In relation to Article 14, taken in conjunction with Article 8, the applicants complained that The Registered Partnership Act maintains differences between heterosexuals and non-heterosexuals and that no convincing or weighty reasons had been provided by the Austrian state to support this difference in treatment. Whilst the Court acknowledged that same-sex and different-sex couples are in a relevantly similar situation, in respect of their need for legal recognition and protection of their relationships, it felt unable to extend the protection of Article 14 to the applicants. A key aspect of the Court’s reasoning in respect of Article 14 was the importance it accorded to the protection of heterosexual marriage by Article 12. Having found that ‘Article 12 does not impose an obligation on Contracting States to grant same-sex couples access to marriage’, the Court concluded that ‘Article 14 taken in conjunction with Article 8, a provision of more general purpose and scope, cannot be interpreted as imposing such an obligation either’ (Schalk and Kopf v Austria, para. 101). Noting the ‘substantial differences’ experienced by same-sex couples who remain excluded from civil marriage, the Court held that maintaining such differences ‘corresponds on the whole to the trend in other member States’ and that, as such, ‘the Court does not see any indication that the respondent State exceeded its margin of appreciation’ (Schalk and Kopf v Austria, para. 109). In stating this, the Court upheld the legal arrangements that ensure the continuation of the superior cultural and social status of heterosexual marriage. Lacking the critical analysis of ‘traditional’ heteronormative practices adopted in E.B., the Court can be seen to have failed to apply the principle that where ‘systematic’ and ‘excessive’ importance is placed upon maintaining the exclusivity of heterosexual practices, any resulting discrimination suffered by homosexuals is illegitimate and disproportionate under Article 14 of the Convention.
Conclusions: The Impact of E.B.?
Given the atypical nature of the conceptual and analytical foundations of the judgment in E.B. it may be tempting to see it as something of an ‘outlier’ in the Court’s jurisprudence.
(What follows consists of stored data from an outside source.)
(* Valuation of a combination P = sum_j a_j g_j of solutions of Y g_i' = g_i Q_i
   with X | Y: replace g_0 by P in the Wronskian matrix and scale column k by
   Y^k.  Row 0 becomes divisible by X^val(P) and row i >= 1 by g_i, while the
   determinant is a_0 prod_i g_i det(R_k(Q_i)). *)
Lemma wronskian_valuation_dvd (K : fieldType) (Y Z : {poly K}) (Q g : nat -> {poly K})
    l (a : nat -> K) N :
  Y = 'X * Z -> (forall i, Y * (g i)^`() = g i * Q i) ->
  'X^N %| \sum_(j < l.+1) (a j)%:P * g j ->
  'X^N * \prod_(i < l.+1 | i != ord0) g i %|
    (a 0%N)%:P * (\prod_(i < l.+1) g i *
                  \det (\matrix_(i < l.+1, k < l.+1) derivn_coef (Q i) Y k)).
Proof.
move=> eY g_ode dvdP.
pose d (i : 'I_l.+1) := if i == ord0 then 'X^N else g i.
have -> : 'X^N * \prod_(i < l.+1 | i != ord0) g i = \prod_i d i.
  rewrite [RHS](bigD1 ord0) //= /d eqxx; congr (_ * _).
  by apply: eq_bigr => i /negbTE ->.
rewrite -(wronskian_factor _ g_ode) mulrA -wronskian_replace_first /wronskian.
rewrite -[\prod_(k < l.+1) Y ^+ k]det_diag_row -det_mulmx; apply: dvdp_det_rows => i k; rewrite mul_mx_diag !mxE /d.
have [-> | ni0] := eqVneq i ord0.
  by rewrite eY exprMn mulrA dvdp_mulr // dvdXn_derivn.
have -> : (i == 0%N :> nat) = false by exact: negbTE ni0.
by rewrite (derivn_of_ode (g_ode i)) dvdp_mulIl.
Qed.

Section Terms.
Variable K : fieldType.
Variables u v t w : K.

Local Notation A := (v%:P * 'X + t%:P).
Local Notation B := (u%:P * 'X + w%:P).

Definition term al be ga : {poly K} := 'X^al * A ^+ be * B ^+ ga.

Definition Ycoef : {poly K} := 'X * (A * B).

Definition Qcoef al be ga : {poly K} :=
  A * B *+ al + v%:P * 'X * B *+ be + u%:P * 'X * A *+ ga.

(* Each term satisfies Y f' = f Q: the logarithmic derivative of f is
   al/X + be v/(vX + t) + ga u/(uX + w). *)
Lemma deriv_affine (c d : K) : (c%:P * 'X + d%:P)^`() = c%:P.
Proof. by rewrite derivMXaddC derivC mul0r addr0. Qed.

Lemma term_ode al be ga : Ycoef * (term al be ga)^`() = term al be ga * Qcoef al be ga.
Proof.
rewrite /term /Ycoef /Qcoef !derivM.
transitivity (('X * ('X^al)^`()) * A ^+ be * B ^+ ga * (A * B)
              + (A * (A ^+ be)^`()) * 'X^al * B ^+ ga * ('X * B)
              + (B * (B ^+ ga)^`()) * 'X^al * A ^+ be * ('X * A)); first by ring.
by rewrite !mul_deriv_exp derivX !deriv_affine; ring.
Qed.
Let vle_refl x : le x x := bl_refl HV x.
Let vle_trans {x y z} : le x y -> le y z -> le x z := @bl_trans _ _ _ _ HV x y z.
Let vle_anti {x y} : le x y -> le y x -> x = y := @bl_antisym _ _ _ _ HV x y.
Let vle_addr {x y} z : le x y -> le (x + z) (y + z) := @bl_add _ _ _ _ HV x y z.
Let vle_scale {a : R} {x y} : 0 <= a -> le x y -> le (a *: x) (a *: y) :=
  @bl_scale _ _ _ _ HV a x y.
Let vjoin_ubl x y : le x (vjoin x y) := bl_join_ubl HV x y.
Let vjoin_ubr x y : le y (vjoin x y) := bl_join_ubr HV x y.
Let vjoin_least {x y z} : le x z -> le y z -> le (vjoin x y) z :=
  @bl_join_least _ _ _ _ HV x y z.

Lemma vle_addLR u w v : le (u + w) v <-> le u (v - w).
Proof.
split=> h; first by have := vle_addr (- w) h; rewrite addrK.
by have := vle_addr w h; rewrite subrK.
Qed.

Lemma vle_subLR u w v : le (u - w) v -> le u (v + w).
Proof. by move/vle_addLR; rewrite opprK. Qed.

Lemma vle_add a b c d : le a b -> le c d -> le (a + c) (b + d).
Proof.
move=> hab hcd; apply: (vle_trans (vle_addr c hab)).
by rewrite ![b + _]addrC; apply: vle_addr.
Qed.

Lemma vle_opp a b : le a b -> le (- b) (- a).
Proof.
move=> h; have := vle_addr (- a - b) h.
by rewrite addrA subrr add0r addrCA subrr addr0.
Qed.

Lemma vjoinC a b : vjoin a b = vjoin b a.
Proof. by apply: vle_anti; apply: vjoin_least. Qed.

Lemma vabsN x : vabs (- x) = vabs x.
Proof. by rewrite /vabs opprK vjoinC. Qed.

Lemma vabs_ge0 x : le 0 (vabs x).
Proof.
have h : le (x - x) (vabs x + vabs x) := vle_add (vjoin_ubl _ _) (vjoin_ubr _ _).
rewrite subrr in h.
have -> : vabs x = 2^-1 *: (vabs x + vabs x).
  by rewrite -[in RHS](scale1r (vabs x)) -scalerDl scalerA mulVf ?pnatr_eq0 // scale1r.
by rewrite -(scaler0 _ 2^-1); apply: vle_scale h; rewrite invr_ge0 ler0n.
Qed.

Lemma vopp_le0 a : le 0 a -> le (- a) 0.
Proof. by move/vle_opp; rewrite oppr0. Qed.

Lemma vabs_triangle x y : le (vabs (x + y)) (vabs x + vabs y).
Proof.
apply: vjoin_least; first exact: vle_add (vjoin_ubl _ _) (vjoin_ubl _ _).
by rewrite opprD; exact: vle_add (vjoin_ubr _ _) (vjoin_ubr _ _).
Qed.

Lemma vabsZ_le a x : le (vabs (a *: x)) (`|a| *: vabs x).
Proof.
have [a0|a0] := leP 0 a.
  rewrite ger0_norm //; apply: vjoin_least; first exact: vle_scale (vjoin_ubl _ _).
  by rewrite -scalerN; exact: vle_scale (vjoin_ubr _ _).
have Na0 : 0 <= - a by rewrite oppr_ge0 ltW.
rewrite ltr0_norm //; apply: vjoin_least; last by rewrite -scaleNr; exact: vle_scale (vjoin_ubl _ _).
by rewrite -[a *: x]opprK -scalerN -scaleNr; exact: vle_scale (vjoin_ubr _ _).
Qed.

Lemma vabs0 : vabs 0 = 0.
Proof. by rewrite /vabs oppr0; apply: vle_anti; [apply: vjoin_least|]. Qed.

Lemma ldisjointE x y : ldisjoint x y <-> vjoin (- vabs x) (- vabs y) = 0.
Proof.
rewrite /Defs.ldisjoint /vmeet.
by split=> [/eqP|->]; [rewrite oppr_eq0 => /eqP|rewrite oppr0].
Qed.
Those who do not acknowledge the Court’s argument—that ‘systematic’ and ‘excessive’ attempts to maintain heteronormative practices rely on forms of ‘boundary work’ that discriminate against non-heterosexuals—will remain unconvinced by this ‘way of thinking’ (Ingrahams 1996, p. 169). Whilst they may support non-discrimination in adoption (and other) processes in principle, they will argue that E.B. lacks evidence of discrimination to support the applicant’s claim. For example, one recent commentator described the judgment as ‘at best, tenuous’ and argued that ‘the decision does not deserve any prizes for internal consistency, critical analysis, convincing argumentation or unanimity of decision’ (Curry-Sumner 2009, no page number). Concurring with the opinion of the dissenting judges, this criticism rests on the view that the facts of the case did not adequately demonstrate that the applicant’s homosexuality was the decisive ground on which the domestic authorities had discriminated against her. Those arguing from this standpoint will not acknowledge that the reproduction of heteronormativity, far from representing the continuation of a ‘natural’ order, constitutes the reproduction of a political and social system that ensures the privilege of some at the expense of others and, furthermore, that keeping those others excluded is decisive to its existence.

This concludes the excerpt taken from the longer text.